= Work order =
Among the lines below, return each one that contains the word "ltnW".

= Information =
Lemma hermite_monic_zeros m : exists z : nat -> R,
  [/\ increasing_upto m.+1 z, hm m.+1 = \prod_(i < m.+1) ('X - (z i)%:P) &
      forall i, (i < m.+1)%N -> 0 < (-1) ^+ (m - i) * (hm m).[z i]].
Proof.
elim: m => [|m [z [z_incr hm_eq z_sign]]].
  exists (fun=> 0); split.
  - by move=> i j; rewrite !inE !ltnS !leqn0 => /eqP-> /eqP->.
  - by rewrite big_ord1 subr0 hermite_monic1.
  - move=> i; rewrite ltnS leqn0 => /eqP->.
    by rewrite subnn expr0 mul1r hermite_monic0 -polyC1 hornerC ltr01.
have root_z i : (i < m.+1)%N -> (hm m.+1).[z i] = 0.
  by move=> im; apply/eqP; rewrite -/(root _ _) hm_eq; apply/root_prod_XsubC_ord; exists i.
have z_sign2 i : (i < m.+1)%N -> 0 < (-1) ^+ (m.+1 - i) * (hm m.+2).[z i].
  move=> im; rewrite horner_hermite_monicSS root_z // mulr0 add0r subSn // exprS.
  rewrite mulrN mulN1r mulNr opprK mulrCA; apply: mulr_gt0; last exact: z_sign.
  by rewrite divr_gt0 ?ltr0n.
have [size_hm /monicP lc_hm] := hermite_monic_size_monic R m.+2.
have [|w [w_incr zw hm2_eq]] := interlacing_factor size_hm _ z_incr z_sign2.
  by rewrite lc_hm ltr01.
exists w; split=> //; first by rewrite {1}hm2_eq lc_hm scale1r.
move=> i im; rewrite hm_eq horner_prod.
under eq_bigr do rewrite hornerXsubC.
apply: signr_prod_subr => // [j ji|j /andP[ij jm]].
  have i_gt0 : (0 < i)%N by apply: leq_ltn_trans ji.
  have i1 : (i.-1 < m.+1)%N by lia.
  have /andP[_ +] := zw i.-1 i1; rewrite prednK //; apply: le_lt_trans.
  by apply: increasing_upto_le z_incr _ i1; lia.
have /andP[+ _] := zw i (leq_trans ij jm); move/lt_le_trans; apply.
exact: increasing_upto_le z_incr ij jm.
Qed.

End HermiteZeros.

(** * Backward recurrence estimate *)

Lemma recurrence_geometric_bound (R : realDomainType) (a : nat -> R) (c al be r C : R) N :
  0 < c -> 0 <= al -> 0 <= be -> 0 <= r -> 0 <= C -> al * r + be <= c * r ^+ 2 ->
  a 0%N <= C -> a 1%N <= C * r ->
  (forall k, (k.+2 < N)%N -> c * a k.+2 <= al * a k.+1 + be * a k) ->
  forall k, (k < N)%N -> a k <= C * r ^+ k.
Proof.
move=> c_gt0 al_ge0 be_ge0 r_ge0 C_ge0 r_le a0 a1 rec.
elim/ltn_ind => -[_|[_|k IH kN]]; rewrite ?expr0 ?mulr1 ?expr1 //.
have ih0 := IH k (ltnW (ltnSn _)) (ltnW (ltnW kN)).
have := IH k.+1 (ltnSn _) (ltnW kN); rewrite exprSr mulrA => ih1.
have -> : C * r ^+ k.+2 = C * r ^+ k * r ^+ 2 by rewrite -mulrA -exprD addn2.
rewrite -(ler_pM2l c_gt0); apply: le_trans (rec k kN) _.
have Crk : 0 <= C * r ^+ k by rewrite mulr_ge0 // exprn_ge0.
set t := C * r ^+ k in ih0 ih1 Crk *; nra.
Qed.

Section HermiteBackward.
Variable R : realFieldType.
Local Notation hm := (hermite_monic R).

Lemma hermite_monic_backward_le N y :
  N.+1%:R * `|(hm N).[y]| <= 2 * (`|y| * `|(hm N.+1).[y]| + `|(hm N.+2).[y]|).
Proof.
have e : N.+1%:R * (hm N).[y] = 2 * (y * (hm N.+1).[y] - (hm N.+2).[y]).
  by rewrite horner_hermite_monicSS; field.
rewrite -[N.+1%:R]ger0_norm // -normrM e normrM ger0_norm // ler_pM2l //.
by rewrite -normrM ler_normB.
Qed.

Lemma hermite_monic_backward_bound n K y u :
  root (hm n.-1) y -> y ^+ 2 <= (2 * n)%:R -> 1 <= u -> u ^+ 4 <= n%:R -> (2 * K <= n)%N ->
  forall k, (k < K)%N ->
    `|(hm (n - k.+1)).[y]| * u ^+ k <= `|(hm (n - 2)).[y]| * u / 4 * 4 ^+ k.
Proof.
move=> /eqP hy y_le u_ge1 u4_le Kn.
pose A := `|(hm (n - 2)).[y]|.
have amgm : 4 * `|y| * u + u ^+ 2 <= 4 * n%:R + 8.
  have : `|y| ^+ 2 <= 2 * n%:R by rewrite real_normK ?num_real // -natrM.
  have : 0 <= (`|y| - 2 * u) ^+ 2 := sqr_ge0 _.
  have : 0 <= (2 * u ^+ 2 - 5 / 2) ^+ 2 := sqr_ge0 _.
  have : u ^+ 4 = (u ^+ 2) ^+ 2 by rewrite -exprM.
  nra.
have u_ge0 : 0 <= u by lra.
have A_ge0 : 0 <= A := normr_ge0 _.
have y_ge0 : 0 <= `|y| := normr_ge0 _.
apply: (@recurrence_geometric_bound _ _ (n + 2)%:R (4 * `|y| * u) (4 * u ^+ 2)).
- by rewrite ltr0n addn2.
- by rewrite !mulr_ge0.
- by rewrite mulr_ge0 // exprn_ge0.
- by [].
- by rewrite divr_ge0 // mulr_ge0.
- by rewrite natrD; lra.
- by rewrite subn1 hy normr0 mul0r divr_ge0 // mulr_ge0.
- by rewrite expr1 divfK ?lexx ?pnatr_eq0.
move=> k kK; set N := (n - k.+3)%N.
have -> : (n - k.+2 = N.+1)%N by rewrite /N; lia.
have -> : (n - k.+1 = N.+2)%N by rewrite /N; lia.
have N_large : (n + 2)%:R <= 2 * N.+1%:R :> R by rewrite -natrM ler_nat /N; lia.
have step : (n + 2)%:R * `|(hm N).[y]| <=
              4 * `|y| * `|(hm N.+1).[y]| + 4 * `|(hm N.+2).[y]|.
  apply: le_trans (ler_wpM2r (normr_ge0 _) N_large) _.
  by have := hermite_monic_backward_le N y; lra.
have -> : 4 * `|y| * u * (`|(hm N.+1).[y]| * u ^+ k.+1) +
          4 * u ^+ 2 * (`|(hm N.+2).[y]| * u ^+ k) =
          (4 * `|y| * `|(hm N.+1).[y]| + 4 * `|(hm N.+2).[y]|) * u ^+ k.+2.
  by rewrite !exprS; ring.
by rewrite mulrA ler_wpM2r // exprn_ge0 //; lra.
Qed.

End HermiteBackward.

= Response to the task =
have ih0 := IH k (ltnW (ltnSn _)) (ltnW (ltnW kN)).
have := IH k.+1 (ltnSn _) (ltnW kN); rewrite exprSr mulrA => ih1.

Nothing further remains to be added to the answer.